**Task to complete**
Below is some data. Retype exactly the lines starting at the one with "[1] below the" and ending at the one with "assert (Ek : IZR".
*** Opening of Working data ***
(* Let $(x,q)\in\mathbf J$. Then $(x,q)$ belongs to the closure $\overline{\mathbf U}$ (in $\mathbb R^2$) of $\mathbf U$ if and only if $$\overline{a_{n+1}(x,q)a_{n+2}(x,q)\ldots}\le \alpha_1(q)\alpha_2(q)\ldots\quad\text{(lexicographically) for every } n\ge1 \text{ with } a_n(x,q)>0.$$
   Context: For real $q>1$ let $\lceil q\rceil$ be the smallest integer $\ge q$ and $A_q=\{0,1,\ldots,\lceil q\rceil-1\}$. An expansion of $x$ in base $q$ is a sequence $(c_i)_{i\ge1}$ with $c_i\in A_q$ and $x=\sum_{i\ge1}c_iq^{-i}$. Let $\mathbf J$ be the set of $(x,q)\in\mathbb R\times(1,\infty)$ such that $x$ has at least one expansion in base $q$; equivalently $q>1$ and $x\in J_q:=[0,(\lceil q\rceil-1)/(q-1)]$. Let $\mathbf U$ be the set of $(x,q)\in\mathbf J$ such that $x$ has exactly one expansion in base $q$. For $(x,q)\in\mathbf J$, the quasi-greedy expansion $(a_i(x,q))$ is defined as follows: if $x=0$ it is $0^\infty$; if $x>0$ and $a_1(x,q),\ldots,a_{n-1}(x,q)$ are defined, $a_n(x,q)$ is the largest element of $A_q$ with $\sum_{i=1}^n a_i(x,q)q^{-i}<x$. Set $\alpha_i(q):=a_i(1,q)$; note $\alpha_1(q)=\lceil q\rceil-1$. The conjugate of a digit is $\overline{a_i(x,q)}:=\alpha_1(q)-a_i(x,q)$, and for a sequence $\overline{c_1c_2\ldots}:=\overline{c_1}\,\overline{c_2}\ldots$. Sequences are compared in the lexicographic order. *)

From Stdlib Require Import Reals Lra Lia.
Open Scope R_scope.

(* Sequences of digits are functions nat -> nat, indexed from 1:
   the value at index 0 is ignored. *)

(* ceil q = smallest integer >= q  (= - floor(-q)); as a nat (q > 1). *)
Definition ceilq (q : R) : nat := Z.to_nat (- Int_part (- q))%Z.

(* largest digit of A_q = {0,...,ceil q - 1} *)
Definition maxdigit (q : R) : nat := (ceilq q - 1)%nat.

Definition is_expansion (q x : R) (c : nat -> nat) : Prop :=
  (forall i, (1 <= i)%nat -> (c i <= maxdigit q)%nat) /\
  infinite_sum (fun k => INR (c (S k)) / q ^ (S k)) x.

Definition inJ (x q : R) : Prop := 1 < q /\ exists c, is_expansion q x c.

Definition inU (x q : R) : Prop :=
  inJ x q /\
  forall c d, is_expansion q x c -> is_expansion q x d ->
    forall i, (1 <= i)%nat -> c i = d i.

(* closure of U in R^2 (sup-norm balls, giving the usual topology of R^2) *)
Definition in_closure_U (x q : R) : Prop :=
  forall eps, 0 < eps ->
    exists y r, inU y r /\ Rabs (x - y) < eps /\ Rabs (q - r) < eps.

(* largest d in {0..m} satisfying P (0 if none of 1..m does) *)
Fixpoint largest_upto (P : nat -> bool) (m : nat) : nat :=
  match m with
  | O => O
  | S k => if P (S k) then S k else largest_upto P k
  end.

Definition qg_pick (x q s : R) (n : nat) : nat :=
  largest_upto (fun d => if Rlt_dec (s + INR d / q ^ n) x then true else false)
    (maxdigit q).

(* partial sums sum_{i=1}^n a_i(x,q) q^{-i} of the quasi-greedy expansion (x > 0) *)
Fixpoint qg_sum (x q : R) (n : nat) : R :=
  match n with
  | O => 0
  | S k => qg_sum x q k + INR (qg_pick x q (qg_sum x q k) (S k)) / q ^ (S k)
  end.

Definition qg_digit (x q : R) (n : nat) : nat :=
  match n with
  | O => O
  | S k => if Req_EM_T x 0 then O else qg_pick x q (qg_sum x q k) (S k)
  end.

Definition alpha (q : R) (n : nat) : nat := qg_digit 1 q n.

(* lexicographic order u <= v on infinite sequences (indexed from 0) *)
Definition lex_le (u v : nat -> nat) : Prop :=
  (forall i, u i = v i) \/
  exists k, (forall i, (i < k)%nat -> u i = v i) /\ (u k < v k)%nat.

(* Along an expansion of [x] in base [q] the normalized remainders
   [q^N (x - sum_{i<=N} c_i q^-i)] stay in [J_q], and [x] has a unique expansion exactly when
   this constraint forces every digit.  A Parry-type argument shows that digits are forced when
   every tail following a non-maximal digit, and every conjugate tail following a nonzero digit,
   is lexicographically below [alpha(q)].

   If the condition holds at [(x, q)], raising [q] slightly makes [alpha] strictly larger, so the
   quasi-greedy digits of [x] become the unique expansion of a nearby point; for an integer base
   one lowers [q] instead, which makes [alpha] begin with a long block of maximal digits, and
   breaks the long runs of [0] and of the maximal digit far out in the digits of [x].

   If the condition fails after a digit [a_n > 0], the remainder of [x] at step [n] lies more than
   [1] below the end of [J_q].  A point of [U] close to [(x, q)] must copy the quasi-greedy digits
   up to [n], and then [a_n - 1] would be an admissible alternative digit. *)

From Stdlib Require Import Reals Lra Lia ZArith List Classical.
Open Scope R_scope.

Lemma maxdigit_of_bounds (r : R) (j : nat) : INR j < r -> r <= INR j + 1 -> maxdigit r = j.
Proof.
  intros H1 H2. unfold maxdigit, ceilq, Int_part.
  assert (E : up (- r) = (- Z.of_nat j)%Z).
  { symmetry. apply tech_up; rewrite opp_IZR, <- INR_IZR_INZ; lra. }
  rewrite E. replace (- (- Z.of_nat j - 1))%Z with (Z.of_nat (S j)) by lia.
  rewrite Nat2Z.id. lia.
Qed.

Lemma maxdigit_spec (q : R) : 1 < q ->
  INR (maxdigit q) < q /\ q <= INR (maxdigit q) + 1 /\ (1 <= maxdigit q)%nat.
Proof.
  intros Hq. unfold maxdigit, ceilq, Int_part.
  destruct (archimed (- q)) as [H1 H2].
  set (z := up (- q)) in *.
  assert (Hk : (2 <= - (z - 1))%Z).
  { assert (IZR z < 0) by lra. assert (z < 0)%Z by (apply lt_IZR; lra). lia. }
  set (k := (- (z - 1))%Z) in *.
  assert (Ek : IZR k = 1 - IZR z) by (unfold k; rewrite opp_IZR, minus_IZR; lra).
  assert (E2 : INR (Z.to_nat k - 1) = IZR k - 1).
  { rewrite minus_INR by lia. rewrite INR_IZR_INZ, Z2Nat.id by lia. simpl; lra. }
  rewrite E2. repeat split; try lra. lia.
Qed.

Lemma Rabs_le_between (z e : R) : Rabs z <= e -> - e <= z <= e.
Proof. unfold Rabs. destruct (Rcase_abs z); intros; lra. Qed.

Lemma pow_inv_small (q e : R) : 1 < q -> 0 < e -> exists N, forall n, (N <= n)%nat -> / q ^ n < e.
Proof.
  intros Hq He. destruct (pow_lt_1_zero (/ q)) with (y := e) as [N HN].
  { rewrite Rabs_pos_eq. apply (Rmult_lt_reg_l q); [lra|]. rewrite Rinv_r; lra.
    left; apply Rinv_0_lt_compat; lra. }
  { exact He. }
  exists N. intros n Hn. specialize (HN n Hn). rewrite <- pow_inv.
  rewrite Rabs_pos_eq in HN; [exact HN|]. apply pow_le. left; apply Rinv_0_lt_compat; lra.
Qed.

Lemma pow_unbounded (r M : R) : 1 < r -> exists N, M < r ^ N.
Proof.
  intros Hr. destruct (Rle_lt_dec M 0) as [H|H]; [exists O; simpl; lra|].
  destruct (pow_inv_small r (/ M) Hr) as [N HN]; [apply Rinv_0_lt_compat; lra|].
  exists N. specialize (HN N (le_n N)). assert (0 < r ^ N) by (apply pow_lt; lra).
  destruct (Rle_lt_dec (r ^ N) M) as [H2|H2]; [|exact H2].
  assert (/ M <= / r ^ N) by (apply Rinv_le_contravar; lra). lra.
Qed.

Lemma le_of_le_add_div_pow (z B C s : R) : 1 < s -> 0 <= C ->
  (forall N, z <= B + C / s ^ N) -> z <= B.
Proof.
  intros Hs HC H. destruct (Rle_lt_dec z B) as [H1|H1]; [exact H1|exfalso].
  destruct (Req_dec C 0) as [->|HC0].
  { specialize (H O). unfold Rdiv in H. lra. }
  destruct (pow_inv_small s ((z - B) / C) Hs) as [N HN]. { apply Rdiv_lt_0_compat; lra. }
  specialize (HN N (le_n N)). specialize (H N).
  assert (C / s ^ N < z - B); [|lra].
  unfold Rdiv at 1. rewrite Rmult_comm.
  apply Rmult_lt_reg_r with (/ C). { apply Rinv_0_lt_compat; lra. }
  rewrite Rmult_assoc, Rinv_r, Rmult_1_r by lra. exact HN.
Qed.

Lemma Rmult_le_of_le_div (a b c : R) : 0 < c -> a <= b / c -> a * c <= b.
Proof.
  intros Hc H. apply Rmult_le_compat_r with (r := c) in H; [|lra].
  unfold Rdiv in H. rewrite Rmult_assoc, Rinv_l, Rmult_1_r in H by lra. exact H.
Qed.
*** Close of Working data ***
**Response below**
   [1] below the end of [J_q].  A point of [U] close to [(x, q)] must copy the quasi-greedy digits
   up to [n], and then [a_n - 1] would be an admissible alternative digit. *)

From Stdlib Require Import Reals Lra Lia ZArith List Classical.
Open Scope R_scope.

Lemma maxdigit_of_bounds (r : R) (j : nat) : INR j < r -> r <= INR j + 1 -> maxdigit r = j.
Proof.
  intros H1 H2. unfold maxdigit, ceilq, Int_part.
  assert (E : up (- r) = (- Z.of_nat j)%Z).
  { symmetry. apply tech_up; rewrite opp_IZR, <- INR_IZR_INZ; lra. }
  rewrite E. replace (- (- Z.of_nat j - 1))%Z with (Z.of_nat (S j)) by lia.
  rewrite Nat2Z.id. lia.
Qed.

Lemma maxdigit_spec (q : R) : 1 < q ->
  INR (maxdigit q) < q /\ q <= INR (maxdigit q) + 1 /\ (1 <= maxdigit q)%nat.
Proof.
  intros Hq. unfold maxdigit, ceilq, Int_part.
  destruct (archimed (- q)) as [H1 H2].
  set (z := up (- q)) in *.
  assert (Hk : (2 <= - (z - 1))%Z).
  { assert (IZR z < 0) by lra. assert (z < 0)%Z by (apply lt_IZR; lra). lia. }
  set (k := (- (z - 1))%Z) in *.
  assert (Ek : IZR k = 1 - IZR z) by (unfold k; rewrite opp_IZR, minus_IZR; lra).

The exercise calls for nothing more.